Kepala Adek memening. Mengemas barang dengan air mata, Adek pun bersiap pulang, menuju tempat dimana orang tercinta Adek berada. Namun sebelum itu, Adek juga tak lupa mengirimkan pesan kepada orang yang Adek cintai. Orang yang selama ini Adek pegang kontaknya namun masih tak berani untuk tersambung. Pesan-pesan kemarin yang belum Adek kirim karena takut, Adek jadikan satu—berisikan ucapan manis penanya kabar, sebelum akhirnya bagian akhirnya Adek tambahkan, berisi air mata dan keputusasaan. Begitulah akhirnya anak kecil berusia 12 tahun yang masih suka bermain dengan Barbie nya mulai tersambung kembali dengan Kakak lelaki pertamanya yang suka membelikannya donat setiap pulang kuliah.

Hidup kami tidak pernah lebih baik tanpa Kakak. Semuanya bersikap seakan baik-baik saja namun sebenarnya semuanya sudah mati di dalam, ego telah memakan mereka.

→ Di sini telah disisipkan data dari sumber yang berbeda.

(* Let $\alpha_1,\dots,\alpha_4$ be constants, $H=H(t,t^-,q,q^-,p,p^-)$ smooth, and $X=\xi(t)\partial_t+\eta(t,q,p)\partial_q+\nu(t,q,p)\partial_p$ with $\xi(t)=\alpha t+f(t)$, $\alpha$ constant and $f$ $\tau$-periodic. Then, with $\dot\xi=D(\xi)$, $$\Big(\xi\frac{\delta}{\delta t}+\eta\frac{\delta}{\delta q}+\nu\frac{\delta}{\delta p}\Big)\Omega\equiv X\Big(\xi\frac{\delta\tilde H}{\delta t}+\eta\frac{\delta\tilde H}{\delta q}+\nu\frac{\delta\tilde H}{\delta p}\Big)+\dot\xi\Big(\xi\frac{\delta\tilde H}{\delta t}+\eta\frac{\delta\tilde H}{\delta q}+\nu\frac{\delta\tilde H}{\delta p}\Big).$$
   Context: Constant delay $\tau>0$; $t^\pm=t\pm\tau$, $f^\pm=f(t\pm\tau)$; scalar $q,p$. $S_\pm$: forward/backward shift operators on expressions; $\xi^\pm=S_\pm(\xi)$ etc.; $H^+=S_+(H)$. $D$: total derivative acting on variables at $t^-,t,t^+$. $\tilde H=p^{-}(\alpha_{1}\dot{q}+\alpha_{2}\dot{q}^{-})+p(\alpha_{3}\dot{q}+\alpha_{4}\dot{q}^{-})-H$. For $F$ a function of $(t,t^-,q,q^-,p,p^-,\dot q,\dot q^-,\dot p,\dot p^-)$: $\frac{\delta F}{\delta p}=\frac{\partial F}{\partial p}-D\frac{\partial F}{\partial\dot p}+S_+\Big(\frac{\partial F}{\partial p^-}-D\frac{\partial F}{\partial\dot p^-}\Big)$, $\frac{\delta F}{\delta q}=\frac{\partial F}{\partial q}-D\frac{\partial F}{\partial\dot q}+S_+\Big(\frac{\partial F}{\partial q^-}-D\frac{\partial F}{\partial\dot q^-}\Big)$, $\frac{\delta F}{\delta t}=\frac{\partial F}{\partial t}+D\Big(\dot q\frac{\partial F}{\partial\dot q}+\dot p\frac{\partial F}{\partial\dot p}\Big)+S_+\Big(\frac{\partial F}{\partial t^-}+D\Big(\dot q^-\frac{\partial F}{\partial\dot q^-}+\dot p^-\frac{\partial F}{\partial\dot p^-}\Big)\Big)-D(F)$; in the left-hand side, the coefficients $\xi,\eta,\nu$ multiply the results of the operators applied to $\Omega$. $\Omega=X(\tilde H)+\tilde HD(\xi)=\nu^{-}(\alpha_{1}\dot{q}+\alpha_{2}\dot{q}^{-})+p^{-}(\alpha_{1}D(\eta)+\alpha_{2}D(\eta^{-}))+\nu(\alpha_{3}\dot{q}+\alpha_{4}\dot{q}^{-})+p(\alpha_{3}D(\eta)+\alpha_{4}D(\eta^{-}))+(\alpha_{2}p^{-}+\alpha_{4}p)\dot{q}^{-}D(\xi-\xi^{-})-\xi H_t-\eta H_q-\nu H_p-\xi^{-}H_{t^-}-\eta^{-}H_{q^-}-\nu^{-}H_{p^-}-HD(\xi)$. $X$ is prolonged to all variables at $t^-,t,t^+$ and their derivatives by the standard prolongation formulas ($\partial_{\dot q}$-coefficient $D(\eta)-\dot qD(\xi)$, $\partial_{\dot p}$-coefficient $D(\nu)-\dot pD(\xi)$, higher ones analogously), shifted variables carrying shifted coefficients. Variables are considered with $t^+-t=t-t^-=\tau$. *)

From Stdlib Require Import Reals ZArith List.
From Coquelicot Require Import Coquelicot.
Open Scope R_scope.

(** A function of n variables is encoded as a function of [x : nat -> R]
    reading only x 0, ..., x (n-1). *)
Definition upd (x : nat -> R) (i : nat) (s : R) : nat -> R :=
  fun j => if Nat.eqb j i then s else x j.
Definition npd (i : nat) (F : (nat -> R) -> R) : (nat -> R) -> R :=
  fun x => Derive (fun s => F (upd x i s)) (x i).
Fixpoint ipd (l : list nat) (F : (nat -> R) -> R) : (nat -> R) -> R :=
  match l with nil => F | i :: l' => npd i (ipd l' F) end.
Definition ncont (F : (nat -> R) -> R) (x : nat -> R) : Prop :=
  forall eps, 0 < eps -> exists delta, 0 < delta /\
    forall y, (forall j, Rabs (y j - x j) < delta) -> Rabs (F y - F x) < eps.
Definition Cinf (F : (nat -> R) -> R) : Prop :=
  forall l : list nat,
    (forall x, ncont (ipd l F) x) /\
    (forall i x, ex_derive (fun s => ipd l F (upd x i s)) (x i)).

(** * Jet space of the delay problem.
    Coordinates: time variables t_k (t_0 = t, t_{-1} = t^-, t_1 = t^+),
    and derivatives q_k^(j), p_k^(j) of order j at the shifted time t_k. *)
Inductive coord : Type :=
| CT : Z -> coord
| CQ : Z -> nat -> coord
| CP : Z -> nat -> coord.

Definition coord_eq_dec (c c' : coord) : {c = c'} + {c <> c'}.
Proof. decide equality; first [apply Nat.eq_dec | apply Z.eq_dec]. Defined.

Definition jet := coord -> R.
Definition dfun := jet -> R.

Definition dd (F : dfun) (v : jet) (z : jet) : R :=
  Derive (fun s => F (fun c => z c + s * v c)) 0.

Definition ecoord (c : coord) : jet := fun c' => if coord_eq_dec c c' then 1 else 0.
Definition pd (c : coord) (F : dfun) : dfun := fun z => dd F (ecoord c) z.

Definition vD (z : jet) : jet := fun c =>
  match c with
  | CT _ => 1
  | CQ k j => z (CQ k (S j))
  | CP k j => z (CP k (S j))
  end.
Definition Dt (F : dfun) : dfun := fun z => dd F (vD z) z.

Definition shiftc (k : Z) (c : coord) : coord :=
  match c with
  | CT m => CT (m + k)
  | CQ m j => CQ (m + k) j
  | CP m j => CP (m + k) j
  end.
Definition shiftk (k : Z) (F : dfun) : dfun := fun z => F (fun c => z (shiftc k c)).
Definition Sp := shiftk 1.
Definition Sm := shiftk (-1).

Definition crd (c : coord) : dfun := fun z => z c.

Definition xiJ (xi : R -> R) : dfun := fun z => xi (z (CT 0)).
Definition etaJ (eta : R -> R -> R -> R) : dfun :=
  fun z => eta (z (CT 0)) (z (CQ 0 0)) (z (CP 0 0)).

Fixpoint prolQ (xi : R -> R) (eta : R -> R -> R -> R) (j : nat) : dfun :=
  match j with
  | O => etaJ eta
  | S j' => fun z => Dt (prolQ xi eta j') z - z (CQ 0 j) * Dt (xiJ xi) z
  end.
Fixpoint prolP (xi : R -> R) (nu : R -> R -> R -> R) (j : nat) : dfun :=
  match j with
  | O => etaJ nu
  | S j' => fun z => Dt (prolP xi nu j') z - z (CP 0 j) * Dt (xiJ xi) z
  end.

Definition wX (xi : R -> R) (eta nu : R -> R -> R -> R) (z : jet) : jet :=
  fun c =>
  match c with
  | CT k => shiftk k (xiJ xi) z
  | CQ k j => shiftk k (prolQ xi eta j) z
  | CP k j => shiftk k (prolP xi nu j) z
  end.
Definition Xop (xi : R -> R) (eta nu : R -> R -> R -> R) (F : dfun) : dfun :=
  fun z => dd F (wX xi eta nu z) z.

Definition HJ (H : R -> R -> R -> R -> R -> R -> R) : dfun :=
  fun z => H (z (CT 0)) (z (CT (-1))) (z (CQ 0 0)) (z (CQ (-1) 0))
             (z (CP 0 0)) (z (CP (-1) 0)).

Definition Htilde (a1 a2 a3 a4 : R) (H : R -> R -> R -> R -> R -> R -> R) : dfun :=
  fun z => z (CP (-1) 0) * (a1 * z (CQ 0 1) + a2 * z (CQ (-1) 1))
         + z (CP 0 0) * (a3 * z (CQ 0 1) + a4 * z (CQ (-1) 1))
         - HJ H z.

Definition Omega (a1 a2 a3 a4 : R) (H : R -> R -> R -> R -> R -> R -> R)
  (xi : R -> R) (eta nu : R -> R -> R -> R) : dfun :=
  fun z => Xop xi eta nu (Htilde a1 a2 a3 a4 H) z
           + Htilde a1 a2 a3 a4 H z * Dt (xiJ xi) z.

Definition vdp (F : dfun) : dfun :=
  fun z => pd (CP 0 0) F z - Dt (pd (CP 0 1) F) z
           + Sp (fun w => pd (CP (-1) 0) F w - Dt (pd (CP (-1) 1) F) w) z.
Definition vdq (F : dfun) : dfun :=
  fun z => pd (CQ 0 0) F z - Dt (pd (CQ 0 1) F) z
           + Sp (fun w => pd (CQ (-1) 0) F w - Dt (pd (CQ (-1) 1) F) w) z.
Definition vdt (F : dfun) : dfun :=
  fun z => pd (CT 0) F z
           + Dt (fun w => w (CQ 0 1) * pd (CQ 0 1) F w + w (CP 0 1) * pd (CP 0 1) F w) z
           + Sp (fun w => pd (CT (-1)) F w
                  + Dt (fun u => u (CQ (-1) 1) * pd (CQ (-1) 1) F u
                              + u (CP (-1) 1) * pd (CP (-1) 1) F u) w) z
           - Dt F z.

Definition Ecomb (xi : R -> R) (eta nu : R -> R -> R -> R) (F : dfun) : dfun :=
  fun z => xiJ xi z * vdt F z + etaJ eta z * vdq F z + etaJ nu z * vdp F z.

From Stdlib Require Import Reals ZArith List.
From Coquelicot Require Import Coquelicot.
From Stdlib Require Import Lia Lra Permutation FunctionalExtensionality.
Open Scope R_scope.

(* Every quantity in the identity is a polynomial in the jet coordinates and in partial
   derivatives of H, eta, nu and f evaluated at the base point or at its shifts.  Such
   expressions are represented syntactically and differentiated symbolically; this is sound by
   the chain rule for functions with continuous partial derivatives, and Schwarz's theorem lets
   the multi-indices of partial derivatives be sorted.  Both sides then normalise to the same
   polynomial once the derivatives of f at t +- tau are identified with those at t: this is
   where xi = alpha t + f with f tau-periodic enters, since xi^+ - xi and xi - xi^- are then
   constant. *)

(** * Partial derivatives of smooth functions of finitely many variables *)

Lemma upd_same x i s : upd x i s i = s.
Proof. unfold upd; now rewrite Nat.eqb_refl. Qed.

Lemma upd_other x i j s : j <> i -> upd x i s j = x j.
Proof. intro Hji; unfold upd; now rewrite (proj2 (Nat.eqb_neq j i) Hji). Qed.

Lemma upd_upd x i a b : upd (upd x i a) i b = upd x i b.
Proof. apply functional_extensionality; intro j; unfold upd; now destruct (Nat.eqb j i). Qed.

Lemma upd_swap x i j a b : i <> j -> upd (upd x i a) j b = upd (upd x j b) i a.
Proof.
  intro Hij; apply functional_extensionality; intro k; unfold upd.
  destruct (Nat.eqb_spec k j), (Nat.eqb_spec k i); subst; auto; lia.
Qed.

Lemma upd_id x i : upd x i (x i) = x.
Proof.
  apply functional_extensionality; intro j; unfold upd.
  destruct (Nat.eqb_spec j i); subst; auto.
Qed.

Lemma npd_upd F x i u : npd i F (upd x i u) = Derive (fun s => F (upd x i s)) u.
Proof.
  unfold npd; rewrite upd_same.
  apply Derive_ext; intro s; now rewrite upd_upd.
Qed.

Definition depends_below (n : nat) (F : (nat -> R) -> R) : Prop :=
  forall x y, (forall j, (j < n)%nat -> x j = y j) -> F x = F y.

Lemma depends_below_npd n F i : depends_below n F -> depends_below n (npd i F).
Proof.
  intros HF x y Hxy; unfold npd.
  destruct (Nat.lt_ge_cases i n) as [Hi|Hi].
  - rewrite (Hxy i Hi); apply Derive_ext; intro s.
    apply HF; intros j Hj; unfold upd; destruct (Nat.eqb j i); auto.
  - rewrite (Derive_ext _ (fun _ => F x)), (Derive_ext (fun s => F (upd y i s)) (fun _ => F y)),
      !Derive_const; auto.
    all: intro s; apply HF; intros j Hj; rewrite upd_other by lia; auto.
Qed.

Lemma depends_below_ipd n F l : depends_below n F -> depends_below n (ipd l F).
Proof. intro HF; induction l; simpl; auto using depends_below_npd. Qed.
Lemma exists_pivot_equation v es : has (meets [set v]) es -> count (critical v) es <= 2 ->
  exists E, [/\ E \in es, meets [set v] E & count (critical v) (rem E es) <= critical v E].
Proof.
move=> es_v crit2.
have [/hasP [E Ees Ecrit] | /hasPn nocrit] := boolP (has (critical v) es).
  exists E; split=> //; last by move: crit2; rewrite (count_rem _ Ees) Ecrit.
  move: Ecrit => /andP [/eqP Ev1 _]; rewrite /meets has_count.
  by under eq_count => p do rewrite inE; rewrite Ev1.
have [E Ees Ev] := hasP es_v; exists E; split=> //.
by rewrite (eq_in_count (a2 := pred0)) ?count_pred0 // => E' /mem_rem /nocrit /negbTE.
Qed.

Lemma hall_system_within W es T : hall_system W es -> T \subset W ->
  hall_system T (filter (within T) es).
Proof.
case=> _ es_nz es_hall TW; split; first exact: filter_all.
  by apply/allP => E; rewrite mem_filter => /andP [_ /(allP es_nz)].
move=> S ST S0; rewrite count_filter.
apply: leq_ltn_trans (es_hall S (subset_trans ST TW) S0).
by apply: sub_count => E /andP [].
Qed.

Lemma hall_system_drop_pivot W es v E : hall_system W es -> v \in W -> E \in es ->
  (forall T, T \proper W -> 1 < #|T| -> count (within T) es < #|T|.-1) ->
  hall_system (W :\ v) [seq restrict [set~ v] E' | E' <- rem E es].
Proof.
case=> esW es_nz es_hall vW Ees strict; split.
- apply/allP => _ /mapP [E' /mem_rem E'es ->]; apply/allP => p.
  by rewrite mem_filter in_setD1 -in_setC1 => /andP [-> /(allP (allP esW _ E'es))].
- apply/allP => _ /mapP [E' /mem_rem E'es ->]; apply/allP => p.
  by rewrite mem_filter => /andP [_ /(allP (allP es_nz _ E'es))].
move=> S SWv S0; rewrite count_map.
under eq_count => E' do rewrite /= within_restrict setCK setUC.
have vS : v \notin S by apply/negP => /(subsetP SWv); rewrite !inE eqxx.
have vSW : v |: S \subset W by rewrite subUset sub1set vW (subset_trans SWv (subD1set W v)).
have card_vS : #|v |: S| = #|S|.+1 by rewrite cardsU1 vS.
have rem_le : count (within (v |: S)) (rem E es) <= count (within (v |: S)) es.
  by rewrite (count_rem _ Ees) leq_addl.
have [vS_W | vS_W] := eqVneq (v |: S) W.
  have : size es < #|W|.
    move: esW; rewrite all_count => /eqP <-; apply: es_hall => //.
    by rewrite -card_gt0 -vS_W card_vS.
  rewrite -vS_W card_vS => es_vS; apply: leq_ltn_trans (count_size _ _) _.
  have es0 : 0 < size es by rewrite -has_predT; apply/hasP; exists E.
  by rewrite size_rem // -ltnS prednK.
have := strict (v |: S); rewrite properEneq vS_W vSW card_vS ltnS card_gt0 => /(_ isT S0).
exact: leq_ltn_trans.
Qed.

Definition contract T u y E : equation :=
  [seq if p.2 \in T then (mul p.1 (y p.2), u) else p | p <- E].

Adek tak pernah menyalahkan Kakak. Adek tau, Kakak sudah lebih tau mana yang baik dan mana yang buruk. Sebenarnya apapun kejadiannya, Kakak itu tetaplah Kakak, Kakaknya adek. Adek hormati tiap pilihan Kakak, jadi jangan tanya “kamu ga benci sama Kakak, Dek?” ke Adek lagi ya Kak, Adek gak ada hak untuk membenci

Adek senang mendengar Kakak bahagia di sana, Kakak layak mendapatkan kebahagiaan Kakak. Namun Adek rindu, Kak. Adek rindu Kakak. Rindunya sama seperti saat Kakak pergi kuliah dulu. Maka dari itu, jika Adek sudah libur kuliah nanti, apa Adek boleh pulang ke Kakak? Adek ingin melihat keponakan Adek yang lucu (tidak puas jika hanya melihatnya melalui gambar saja, Adek juga ingin mencium pipinya!) dan juga Abang Ipar Adek yang kata Kakak tampan sekali itu hahahaha.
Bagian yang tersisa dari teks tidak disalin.